Best homemade Vegan Brownies
I’ve done it. After lots of testing, baking, and getting chocolate all over my kitchen, I’ve finally put together the best homemade Vegan Brownie recipe.
What makes the best Vegan Brownie you ask? It needs to be fudgy (can we all agree brownies should be fudgy and not cakey?!), slightly gooey and MEGA chocolatey. I’ve come across many Vegan Brownies that completely miss out on all of these elements.
The key to achieving the perfect fudgy chocolate Vegan Brownies is:
- Not using too much flour (more flour=cakey brownie)
- Using enough fat (not enough fat=dry and crumbly brownie)
- Using fine ground sugar (this will melt into the brownies so they won’t be grainy)
- Using both cocoa powder and dark chocolate (double chocolate=more chocolatey)

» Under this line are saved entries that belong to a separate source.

Lemma expect_contraction q g : 0 <= q ->
  (forall s, \sum_i p i * g (rcons s i) <= q * g s) ->
  forall k, expect p k.+1 g <= q * expect p k g /\ expect p k g <= q ^+ k * g [::].
Proof.
move=> q_ge0 g_contr.
have contr k : expect p k.+1 g <= q * expect p k g.
  by rewrite expectS -[q * _]addr0 -expect_affine; apply: ler_expect => s; rewrite addr0.
move=> k; split; first exact: contr.
elim: k => [|k IHk]; first by rewrite expect0 expr0 mul1r.
by apply: le_trans (contr k) _; rewrite exprS -mulrA ler_wpM2l.
Qed.

Lemma expect_le_sqrt_rate (g d : seq 'I_r -> R) a q H k : 0 < a -> 0 < q ->
  (forall s, a / 2 * d s ^+ 2 <= g s) -> expect p k g <= q ^+ k * H ->
  expect p k d <= (H / a + 2^-1) * Num.sqrt q ^+ k.
Proof.
move=> a_gt0 q_gt0 d_le g_le; set t := Num.sqrt q ^+ k.
have t_gt0 : 0 < t by rewrite exprn_gt0 ?sqrtr_gt0.
have t2 : t ^+ 2 = q ^+ k by rewrite -exprM mulnC exprM sqr_sqrtr ?ltW.
apply: le_trans (ler_expect k (fun s => ler_amgm_sqr a_gt0 t_gt0 (d_le s))) _.
rewrite expect_affine -t2 in g_le *.
have at_gt0 : 0 < a * t by rewrite mulr_gt0.
have inv_ge0 : 0 <= (a * t)^-1 by rewrite invr_ge0 ltW.
have := ler_wpM2l inv_ge0 g_le.
have -> : (a * t)^-1 * (t ^+ 2 * H) = H / a * t by field; rewrite !lt0r_neq0.
rewrite mulrDl; lra.
Qed.

End Expectation.

Section ConvexFunction.
Variables (R : realType) (n : nat) (f : 'cV[R]_n -> R).
Hypothesis f_convex : convex_fun f.

Lemma convex_fun_split x d S (l : R) : 0 <= l < 1 ->
  f (x + (l *: d + S)) <= l * f (x + d) + (1 - l) * f (x + (1 - l)^-1 *: S).
Proof.
move=> /andP[l_ge0 l_lt1]; have l1_neq0 : 1 - l != 0 by rewrite subr_eq0 gt_eqF.
have -> : x + (l *: d + S) = l *: (x + d) + (1 - l) *: (x + (1 - l)^-1 *: S).
  by apply/matrixP => i j; rewrite !mxE; field.
by apply: f_convex; rewrite l_ge0 ltW.
Qed.

Lemma convex_fun_jensen (I : eqType) (s : seq I) (l : I -> R) (d : I -> 'cV[R]_n) x :
  (forall k, 0 <= l k) -> \sum_(k <- s) l k <= 1 ->
  f (x + \sum_(k <- s) l k *: d k) <= f x + \sum_(k <- s) l k * (f (x + d k) - f x).
Proof.
elim: s l => [|a s IHs] l l_ge0; first by rewrite !big_nil !addr0.
rewrite !big_cons => sum_le1.
have rest_ge0 : 0 <= \sum_(k <- s) l k by rewrite sumr_ge0.
have [la1|la_neq1] := eqVneq (l a) 1.
  have /eqP : \sum_(k <- s) l k = 0 by apply/le_anti; rewrite rest_ge0; lra.
  rewrite psumr_eq0 // => /allP l0.
  rewrite !big_seq !big1 => [|k /l0 /eqP -> |k /l0 /eqP ->]; rewrite ?mul0r ?scale0r //.
  by rewrite la1 scale1r mul1r !addr0; lra.
have la_lt1 : l a < 1 by rewrite lt_neqAle la_neq1; lra.
have l1_gt0 : 0 < 1 - l a by rewrite subr_gt0.
pose l' k := l k / (1 - l a).
have sum'_le1 : \sum_(k <- s) l' k <= 1 by rewrite -mulr_suml ler_pdivrMr // mul1r; lra.
have IH' := IHs l' (fun k => divr_ge0 (l_ge0 k) (ltW l1_gt0)) sum'_le1.
set S := \sum_(k <- s) l k *: d k; set T := \sum_(k <- s) l k * _.
have eS : \sum_(k <- s) l' k *: d k = (1 - l a)^-1 *: S.
  by rewrite scaler_sumr; apply: eq_bigr => k _; rewrite scalerA mulrC.
have eT : \sum_(k <- s) l' k * (f (x + d k) - f x) = (1 - l a)^-1 * T.
  by rewrite mulr_sumr; apply: eq_bigr => k _; rewrite mulrCA mulrA.
rewrite {}eS {}eT in IH'.
apply: le_trans (convex_fun_split _ _ _ _) _; first by rewrite l_ge0 la_lt1.
have : (1 - l a) * f (x + (1 - l a)^-1 *: S) <= (1 - l a) * f x + T.
  by rewrite -[T in X in _ <= X](mulVKf (lt0r_neq0 l1_gt0)) -mulrDr ler_pM2l.
rewrite !mulrBl !mul1r; lra.
Qed.

Definition norm1 (v : 'cV[R]_n) : R := \sum_j `|v j 0|.

Definition coord_osc x : R :=
  \sum_j (`|f (x + delta_mx j 0) - f x| + `|f (x - delta_mx j 0) - f x|).

Lemma coord_osc_ge0 x : 0 <= coord_osc x.
Proof. by apply: sumr_ge0 => j _; apply: addr_ge0. Qed.

Lemma coord_osc_ge x j :
  `|f (x + delta_mx j 0) - f x| + `|f (x - delta_mx j 0) - f x| <= coord_osc x.
Proof. by rewrite /coord_osc (bigD1 j) //= lerDl sumr_ge0 // => i _; apply: addr_ge0. Qed.

Lemma norm1_le_norm2 v : norm1 v <= n%:R * norm2 v.
Proof.
have -> : n%:R * norm2 v = \sum_(j < n) norm2 v by rewrite sumr_const card_ord mulr_natl.
by apply: ler_sum => j _; apply: abs_coord_le_norm2.
Qed.

Lemma convex_fun_le_norm1 x v : norm1 v <= 1 -> f (x + v) <= f x + norm1 v * coord_osc x.
Proof.
move=> v_le1; pose e j : 'cV[R]_n := if 0 <= v j 0 then delta_mx j 0 else - delta_mx j 0.
have ev : v = \sum_(j <- index_enum 'I_n) `|v j 0| *: e j.
  rewrite {1}(matrix_sum_delta v); apply: eq_bigr => j _; rewrite big_ord1 /e.
  case: ifPn => [/ger0_norm -> // | ]; rewrite -ltNge => /ltr0_norm ->.
  by rewrite scaleNr scalerN opprK.
rewrite [in f (x + v)]ev; apply: le_trans (convex_fun_jensen e x _ _) _ => //.
rewrite lerD2l /norm1 mulr_suml; apply: ler_sum => j _; apply: ler_wpM2l => //.
apply: le_trans (ler_norm _) (le_trans _ (coord_osc_ge x j)).
by rewrite /e; case: ifP => _; rewrite ?lerDl ?lerDr.
Qed.

Lemma convex_fun_ge_norm1 x y :
  norm1 (x - y) <= 1 -> f x - norm1 (x - y) * coord_osc x <= f y.
Proof.
move=> xy_le1; have mid : 2^-1 *: y + (1 - 2^-1) *: (x + (x - y)) = x.
  by apply/matrixP => i j; rewrite !mxE; field.
have := f_convex y (x + (x - y)) (t := 2^-1); rewrite mid.
have := convex_fun_le_norm1 x xy_le1; lra.
Qed.

Lemma convex_fun_lsc x eta : 0 < eta ->
  exists2 rho, 0 < rho & forall y, norm2 (y - x) < rho -> f x - eta <= f y.
Proof.
move=> eta_gt0; set K := coord_osc x; have K_ge0 : 0 <= K := coord_osc_ge0 x.
set c := Num.min 1 eta; have c_gt0 : 0 < c by rewrite lt_min ltr01.
have [c_le1 c_le_eta] : c <= 1 /\ c <= eta by rewrite !ge_min !lexx ?orbT.
have nK_gt0 : 0 < (n%:R + 1) * (K + 1) by rewrite mulr_gt0 ?ltr_wpDl.
set rho := c / ((n%:R + 1) * (K + 1)).
have rho_gt0 : 0 < rho by rewrite divr_gt0.
have rhoE : rho * ((n%:R + 1) * (K + 1)) = c by rewrite mulfVK ?lt0r_neq0.
exists rho => // y yx_lt.
have := norm1_le_norm2 (x - y); rewrite norm2_distC.
have : n%:R * norm2 (y - x) <= n%:R * rho by rewrite ler_wpM2l ?ler0n ?ltW.
set a := norm1 _; have n_ge0 : 0 <= n%:R :> R := ler0n _ n.
move=> nN_le a_le; have a_ge0 : 0 <= a by apply: sumr_ge0.
have a_le_c : a * (K + 1) <= c by rewrite -rhoE; nra.
have := convex_fun_ge_norm1 (x := x) (y := y); rewrite -/a -/K; nra.
Qed.

End ConvexFunction.

Section Conjugate.
Variables (R : realType) (n : nat) (f : 'cV[R]_n -> R) (alpha : R).
Hypothesis f_sc : strongly_convex alpha f.
Variables (x0 z0 : 'cV[R]_n).
Hypothesis z0_subgrad : subdiff f x0 z0.

Let alpha_gt0 : 0 < alpha. Proof. by case: f_sc. Qed.
Let f_convex : convex_fun f. Proof. by case: f_sc => _ []. Qed.

Lemma conj_arg_le xs y :
  dotv xs y - f y <= dotv xs x0 - f x0 + dotv (xs - z0) (xs - z0) / (2 * alpha).
Proof.
have [_ [_ f_grow]] := f_sc; have := f_grow x0 y z0 z0_subgrad; rewrite norm2_sqr.
have -> : dotv xs y = dotv xs x0 + dotv (xs - z0) (y - x0) + dotv z0 (y - x0).
  by rewrite dotvBl !dotvBr; lra.
set a := xs - z0; set u := y - x0; clearbody a u.
have sq : 2 * alpha * dotv a u - alpha ^+ 2 * dotv u u <= dotv a a.
  have := dotvv_ge0 (a - alpha *: u).
  rewrite dotvBl !dotvBr !dotvZl !dotvZr (dotvC u a); lra.
have : dotv a u - alpha / 2 * dotv u u <= dotv a a / (2 * alpha).
  rewrite ler_pdivlMr ?mulr_gt0 //.
  have -> : (dotv a u - alpha / 2 * dotv u u) * (2 * alpha) =
            2 * alpha * dotv a u - alpha ^+ 2 * dotv u u by field.
  exact: sq.
lra.
Qed.

Lemma has_sup_conj xs : has_sup [set r | exists x, r = dotv xs x - f x].
Proof.
split; first by exists (dotv xs 0 - f 0); exists 0.
exists (dotv xs x0 - f x0 + dotv (xs - z0) (xs - z0) / (2 * alpha)).
by move=> _ [y ->]; apply: conj_arg_le.
Qed.

Lemma fenchel_young xs y : dotv xs y - f y <= conj_fun f xs.
Proof. by apply: (sup_upper_bound (has_sup_conj xs)); exists y. Qed.

(* A near-maximizer [y] gives [f^*(xs + h) >= f^*(xs) - theta + <h, y>]; tested against the
   first-order expansion of [f^*] at [xs] along [h = t (y - x) / |y - x|], this forces [y]
   to be close to [x]. *)
Lemma near_maximizer_close xs x rho : has_grad (conj_fun f) xs x -> 0 < rho ->
  exists2 theta, 0 < theta & forall y,
    conj_fun f xs - theta < dotv xs y - f y -> norm2 (y - x) < rho.
Proof.
move=> grad rho_gt0; have rho2_gt0 : 0 < rho / 2 by rewrite divr_gt0.
have [del [del_gt0 del_grad]] := grad (rho / 2) rho2_gt0.
have [t t_gt0 t_lt] : exists2 t, 0 < t & t < del by exists (del / 2); lra.
exists (t * rho / 4) => [|y y_near]; first by rewrite divr_gt0 ?mulr_gt0.
set D := norm2 (y - x); have [D0|D_neq0] := eqVneq D 0; first by rewrite D0.
have D_gt0 : 0 < D by rewrite lt_def D_neq0 norm2_ge0.
set h := (t / D) *: (y - x).
have h_norm : norm2 h = t by rewrite norm2Z ger0_norm ?divr_ge0 ?ltW // divfK.
have hyx : dotv h (y - x) = t * D by rewrite dotvZl -norm2_sqr -/D expr2 mulrA divfK.
have h_lt : norm2 h < del by rewrite h_norm.
have := le_trans (ler_norm _) (del_grad h h_lt).
have := fenchel_young (xs + h) y; rewrite h_norm dotvDl.
move: hyx; rewrite dotvBr (dotvC h x); nra.
Qed.

Lemma grad_conj_fenchel_le xs x : has_grad (conj_fun f) xs x ->
  f x <= dotv xs x - conj_fun f xs.
Proof.
move=> grad; apply/ler_addgt0Pr => e e_gt0; set eta := e / 3.
have eta_gt0 : 0 < eta by rewrite divr_gt0.
have [rho1 rho1_gt0 f_lsc] := convex_fun_lsc f_convex x eta_gt0.
have nxs_gt0 : 0 < norm2 xs + 1 by rewrite ltr_wpDl ?norm2_ge0.
set rho := Num.min rho1 (eta / (norm2 xs + 1)).
have rho_gt0 : 0 < rho by rewrite lt_min rho1_gt0 divr_gt0.
have [rho_le1 rho_le2] : rho <= rho1 /\ rho * (norm2 xs + 1) <= eta.
  by rewrite -ler_pdivlMr // !ge_min !lexx ?orbT.
have [theta theta_gt0 close] := near_maximizer_close grad rho_gt0.
have min_gt0 : 0 < Num.min theta eta by rewrite lt_min theta_gt0.
have [_ [y ->] y_near] := sup_adherent min_gt0 (has_sup_conj xs).
rewrite -/(conj_fun f xs) in y_near.
have [theta_le eta_le] : Num.min theta eta <= theta /\ Num.min theta eta <= eta.
  by rewrite !ge_min !lexx ?orbT.
have yx_lt : norm2 (y - x) < rho by apply: close; lra.
have fy_ge := f_lsc y (lt_le_trans yx_lt rho_le1).
have : dotv xs (y - x) <= eta.
  apply: le_trans (cauchy_schwarz _ _) _.
  have := norm2_ge0 xs; have := norm2_ge0 (y - x); nra.
move: fy_ge eta_le; rewrite dotvBr /eta; lra.
Qed.

Lemma conj_funE xs x : has_grad (conj_fun f) xs x -> conj_fun f xs = dotv xs x - f x.
Proof.
move=> grad; apply/le_anti; rewrite fenchel_young andbT.
by have := grad_conj_fenchel_le grad; lra.
Qed.

Lemma grad_conj_subdiff xs x : has_grad (conj_fun f) xs x -> subdiff f x xs.
Proof. by move=> grad y; have := fenchel_young xs y; rewrite (conj_funE grad) dotvBr; lra. Qed.

End Conjugate.

Section Bregman.
Variables (R : realType) (n : nat) (f : 'cV[R]_n -> R).

Lemma bregman_ge_sqr alpha xs x y : strongly_convex alpha f -> subdiff f x xs ->
  alpha / 2 * norm2 (y - x) ^+ 2 <= bregman f xs x y.
Proof. by move=> [_ [_ f_grow]] /(f_grow x y xs); rewrite /bregman; lra. Qed.

Lemma bregman_ge0 alpha xs x y : strongly_convex alpha f -> subdiff f x xs ->
  0 <= bregman f xs x y.
Proof.
move=> f_sc /(bregman_ge_sqr y f_sc); apply: le_trans.
by case: f_sc => alpha_gt0 _; rewrite mulr_ge0 ?divr_ge0 ?sqr_ge0 ?ltW.
Qed.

- Adding chocolate chips (for that extra chocolatey bite)
Why you’ll love this Vegan Brownie recipe
- Fudgy, gooey and chocolatey. Brownies should be fudgy. Period. These brownies hit the mark on the perfect brownie texture and chocolate flavour.
- No mixers. Let’s keep it simple, shall we? All you need to make these Vegan Brownies is a couple mixing bowls.
- Customize it. Add whatever mix-ins you love to these brownies to make it your own! Try nuts, white chocolate, toffee, peppermint, spices or whatever you like!
- All Purpose Flour: this recipe uses regular flour, but if you’d like to make it gluten-free you can use a 1-1 gluten-free flour blend.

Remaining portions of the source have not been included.